Uitspraak
RECHTBANK LIMBURG
1.De procedure
2.De beoordeling
3.De beslissing
- verzoeker niet-ontvankelijk in zijn verzoek tot wraking van de wrakingskamer;
- verzoeker niet-ontvankelijk in zijn verzoek tot wraking van de rechter.
Rechtbank Limburg
In deze zaak heeft de wrakingskamer van de Rechtbank Limburg op 25 augustus 2017 uitspraak gedaan over een verzoek tot wraking van mr. J.J.M. Stevens, plaatsvervangend rechter. Het verzoek is ingediend door [verzoeker], die zich naar eigen zeggen als gevolmachtigde van mevrouw [rechthebbende] heeft gepresenteerd. De wrakingskamer heeft echter vastgesteld dat de volmacht door [rechthebbende] uitdrukkelijk en gedetailleerd is betwist, waardoor [verzoeker] niet als gemachtigde kon optreden.
De procedure begon met een verzoekschrift voor de instelling van een beschermingsbewind ten aanzien van [rechthebbende]. Op 14 juli 2017 heeft [verzoeker] schriftelijk de wraking van de rechter verzocht. De rechter heeft op 19 juli 2017 aangegeven niet in de wraking te berusten en heeft verzocht om gehoord te worden. De wrakingskamer heeft de behandeling van het verzoek op 25 augustus 2017 gepland.

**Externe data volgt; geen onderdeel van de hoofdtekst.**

Lemma exp_mul_decomp p x : (1 < size p)%N -> x != 0 ->
  exists n, exists2 y, x = p ^+ n * y & ~~ (p %| y).
Proof.
move=> size_p; have p0 : p != 0 by rewrite -size_poly_gt0 ltnW.
elim: {x}(size x) {-2}x (leqnn (size x)) => [|k IH] x size_x x0.
  by move: size_x; rewrite leqn0 size_poly_eq0 (negPf x0).
have [px|npx] := boolP (p %| x); last by exists 0%N, x; rewrite ?expr0 ?mul1r.
have ex := divpK px; set x' := x %/ p in ex.
have x'0 : x' != 0 by apply: contraNneq x0 => x'_0; rewrite -ex x'_0 mul0r.
have [|n [y ey npy]] := IH x' _ x'0.
  by rewrite -ltnS (leq_trans _ size_x) // size_divp_lt.
by exists n.+1, y; rewrite // -ex ey exprSr mulrAC.
Qed.

Lemma dvdp_exp_valp p x n : (1 < size p)%N -> x != 0 ->
  (p ^+ n %| x) = (n <= valp p x)%N.
Proof.
move=> size_p x0; have p0 : p != 0 by rewrite -size_poly_gt0 ltnW.
have [v [y -> npy]] := exp_mul_decomp size_p x0.
by rewrite valp_exp_mul // dvdp_exp_exp_mul.
Qed.

Lemma valp_sum p x E : (1 < size p)%N -> x != 0 -> (size x <= E)%N ->
  valp p x = (\sum_(1 <= e < E) ((p ^+ e %| x)%R : nat))%N.
Proof.
move=> size_p x0 le_x_E.
rewrite (eq_bigr (fun e => (e <= valp p x : nat))) => [|e _]; last first.
  by rewrite dvdp_exp_valp.
rewrite sum_indicator_leq //; apply: leq_trans le_x_E.
have [v [y ey npy]] := exp_mul_decomp size_p x0.
have y0 : y != 0 by apply: contraNneq npy => ->; rewrite dvdp0.
by rewrite ey valp_exp_mul // size_exp_mul_gt.
Qed.
(* Let $0<\ell_{\min}\le \ell_{\max}$ and a speedup $s\ge 1$ be given, and let $\gamma$ be the smallest non-negative integer such that $\frac{\gamma\ell_{\min}+\ell_{\max}}{s}\le(\gamma+1)\ell_{\min}$ (for $s>1$, $\gamma=\max\{\lceil \frac{\ell_{\max}-s\ell_{\min}}{(s-1)\ell_{\min}}\rceil,0\}$). If (a) $s<\frac{\ell_{\max}}{\ell_{\min}}$ and (b) $s<\frac{\gamma\ell_{\min}+\ell_{\max}}{\ell_{\max}}$, then no deterministic online algorithm is competitive when run with speedup $s$ against an adversary injecting tasks with costs in $[\ell_{\min},\ell_{\max}]$, even in a system with a single processor.
   Context: Model: $n$ processors with ids $1,\dots,n$ and a shared repository. An adversarial pattern $\mathcal{A}$ is a set of timed events: task injections (each task has a unique id, an arrival time equal to its injection time, and a cost $\ell\in[\ell_{\min},\ell_{\max}]$), processor crashes and processor restarts. A task is pending at time $t$ if it has been injected by time $t$ and no processor has yet reported its completion. A processor works in cycles: it obtains the set of currently pending tasks from the repository (if none, it waits until a task is injected), chooses one, executes it, and reports its completion, after which the task is no longer pending; obtaining and reporting take no time. With speedup $s\ge1$ executing a task of cost $\ell$ takes time $\ell/s$. Execution is non-preemptive and atomic: if the processor crashes before finishing and reporting, no progress is kept. A crashed processor does nothing until restarted; on restart it remembers only the algorithm and $n$, and starts a new cycle. At any time, reports are processed before injections, which are processed before requests for the pending set. Online algorithms are deterministic, do not know $\mathcal{A}$ in advance, and are work conserving (an alive processor never idles while tasks are pending and never abandons a started task). For algorithm ALG, $\mathcal{C}_t(\mathrm{ALG},\mathcal{A})$ is the total cost and $\mathcal{T}_t(\mathrm{ALG},\mathcal{A})$ the number of pending tasks at time $t$. $\mathcal{C}_t(\mathrm{OPT},\mathcal{A})$ (resp. $\mathcal{T}_t(\mathrm{OPT},\mathcal{A})$) is the minimum (infimum) of that quantity at time $t$ over all offline algorithms knowing $\mathcal{A}$ in advance, with unlimited computational power, running under $\mathcal{A}$ with speedup $1$. ALG is $x$-pending-cost competitive if there is $\Delta$ independent of $\mathcal{A}$ with $\mathcal{C}_t(\mathrm{ALG},\mathcal{A})\le x\,\mathcal{C}_t(\mathrm{OPT},\mathcal{A})+\Delta$ for all $t$ and all $\mathcal{A}$; $x$-pending-task competitive is defined analogously with $\mathcal{T}$. ''Competitive'' means $x$-pending-cost or $x$-pending-task competitive for some finite $x$. *)

From Stdlib Require Import Reals Lra List ClassicalEpsilon.
Open Scope R_scope.

Record task := Task { tid : nat; arr : R; cost : R }.

(* A crash (pe_crash = true) or restart (pe_crash = false) event of
   processor pe_proc at time pe_time. *)
Record pevent := PEv { pe_crash : bool; pe_proc : nat; pe_time : R }.

Record pattern := Pattern { tasks : list task; pevents : list pevent }.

Tijdens de zitting op 25 augustus 2017 is [verzoeker] niet verschenen, ondanks verzoeken van de wrakingskamer om zijn afwezigheid te motiveren. De wrakingskamer heeft geconcludeerd dat [verzoeker] niet kon optreden als gemachtigde van [rechthebbende] en heeft het verzoek tot wraking niet-ontvankelijk verklaard. De beslissing is openbaar uitgesproken en er staat geen rechtsmiddel open tegen deze uitspraak.